The NIH revolutionized science through its work on the Human Genome Project, which sought to fully sequence the human genome. That landmark achievement, launched initially by the DOE in 1990 and completed in 2003 by an international consortium under Collins’s leadership, committed the NIH to global collaboration and transparent data sharing. “Science goes faster, and the power of genomics is maximized, when you get larger and larger studies,” says Eric Green, director of the NIH’s National Human Genome Research Institute. “Share, share, share. That is the ethos of the genomic-research community.”

By contrast, the Department of Energy has always been steeped in a world of threats. Born out of the top secret Manhattan Project to build an atomic bomb during World War II, it is responsible for designing and maintaining the US nuclear stockpile, and for using science and technology to address energy and environmental challenges. The DOE was also responsible for significant parts of the nation’s biosecurity until after 9/11, when much of that mission was handed off to the newly created Department of Homeland Security.

As DOE scientists spent decades studying the impact of radiation on the human genome, they also developed advanced expertise in gene editing technology and its potential risks.
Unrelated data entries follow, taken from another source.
(* Let $m,n\ge0$, $0\le k\le\min(m,n)$, and let $i,j$ be integers with $0\le i\le m$, $0\le j\le n$, $k\le i+j\le m+n-k$. Then $$C_{m,n,k}(i,j)=\frac{\binom{m+n-k}{m-i,\ n-j,\ i+j-k}\;c_{m,n,k}(i,j)}{\binom{m+n-k}{i,\ j,\ m+n-k-i-j}\;D(m,n,k)},\qquad D(m,n,k)=\binom{m+n-k+1}{k}\binom{m+n-2k}{m-k}.$$
   Context: Multinomial coefficients: $\binom{a+b+c}{a,\ b,\ c}=\frac{(a+b+c)!}{a!\,b!\,c!}$. Let $e,f,h$ be the standard basis of $\mathfrak{sl}(2,\mathbb{C})$. $V(n)$ is the irreducible representation of highest weight $n$ with fixed highest weight vector $\phi_n$; $\{f^i\phi_n\}_{0\le i\le n}$ is a basis, $f^{n+1}\phi_n=0$. $\mathfrak{sl}(2)$ acts on $V(m)\otimes V(n)$ by $X(v\otimes w)=Xv\otimes w+v\otimes Xw$. For $0\le k\le\min(m,n)$, $\phi_{m,n,k}=\sum_{l=0}^{k}(-1)^l\binom{m-l}{k-l}\binom{n-k+l}{l} f^l\phi_m\otimes f^{k-l}\phi_n$; it is a highest weight vector of weight $m+n-2k$ generating a copy of $V(m+n-2k)$ with basis $f^a\phi_{m,n,k}$, $0\le a\le m+n-2k$, and $V(m)\otimes V(n)$ is the direct sum of these copies. The coordinates $c_{m,n,k}(i,j)$ are defined by $f^{p-k}\phi_{m,n,k}=\sum_{i+j=p,\,0\le i\le m,\,0\le j\le n} c_{m,n,k}(i,j)\, f^i\phi_m\otimes f^j\phi_n$ for $k\le p\le m+n-k$. The Clebsch–Gordan coefficients $C_{m,n,k}(i,j)$ are defined by $f^i\phi_m\otimes f^j\phi_n=\sum_{k} C_{m,n,k}(i,j)\, f^{i+j-k}\phi_{m,n,k}$, sum over $0\le k\le\min(m,n)$ with $k\le i+j\le m+n-k$. *)

From HB Require Import structures.
From mathcomp Require Import all_boot all_order all_algebra.
Set Implicit Arguments. Unset Strict Implicit. Unset Printing Implicit Defensive.
Import Order.TTheory GRing.Theory Num.Theory.
Local Open Scope ring_scope.

(* Model of V(m) (x) V(n): the matrix v : 'M[R]_(m.+1, n.+1) stands for
   \sum_(i,j) v i j  f^i phi_m (x) f^j phi_n ; delta_mx i j is the basis
   vector f^i phi_m (x) f^j phi_n. *)
Section Defs.
Variable R : fieldType.

(* action of f: f(f^i phi_m (x) f^j phi_n) = f^(i+1) phi_m (x) f^j phi_n
   + f^i phi_m (x) f^(j+1) phi_n, with f^(m+1) phi_m = 0. *)
Definition fop (m n : nat) (v : 'M[R]_(m.+1, n.+1)) : 'M[R]_(m.+1, n.+1) :=
  \matrix_(i, j) ((if (0 < i)%N then v (inord i.-1) j else 0)
                + (if (0 < j)%N then v i (inord j.-1) else 0)).

Definition fpow (m n a : nat) (v : 'M[R]_(m.+1, n.+1)) := iter a (@fop m n) v.

Definition phi (m n k : nat) : 'M[R]_(m.+1, n.+1) :=
  \matrix_(i, j) (if (i + j == k)%N
                  then (-1) ^+ i * ('C(m - i, k - i))%:R * ('C(n - k + i, i))%:R
                  else 0).

Definition cc (m n k : nat) (i : 'I_m.+1) (j : 'I_n.+1) : R :=
  fpow (i + j - k) (phi m n k) i j.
The Lawrence Livermore National Laboratory houses the Biodefense Knowledge Center, an analysis hub that serves the federal government’s national security community, and the Z Division, an intelligence unit whose specialties include biosecurity.

“Having come through the nuclear world, everything is born classified, and you understand the dual-use nature” of technology immediately, says Dimitri Kusnezov, who joined the DOE two days before 9/11 and served for 10 years as chief scientist of the National Nuclear Security Administration, which oversees all of the agency’s nuclear weapons work.

In 2014, Lawrence Livermore scientists began raising concerns with Kusnezov and other DOE leaders about the national security threats posed by gene editing platforms such as CRISPR. Among the issues they raised was the possibility that a foreign government could tailor biological agents to target specific ethnic groups.

Kusnezov, who is now the Department of Homeland Security’s under secretary for science and technology, says of the concerns: “Now we have a technology platform that can potentially create things we have never seen before, splice things, have effects that could be new.”

The US government closely monitors an evolving list of dangerous pathogens and their use in research, but the DOE was warning of a not-so-distant future in which dangerous pathogens might not be tracked because they’ve been enhanced or cooked up altogether in a lab, or a garage, or a trailer. In February 2016, that concern led the Office of the Director of National Intelligence to add genomic editing to its list of potential weapons of mass destruction, surprising a number of government scientists. As warnings resounded, the National Security Council convened meetings on countering biological threats.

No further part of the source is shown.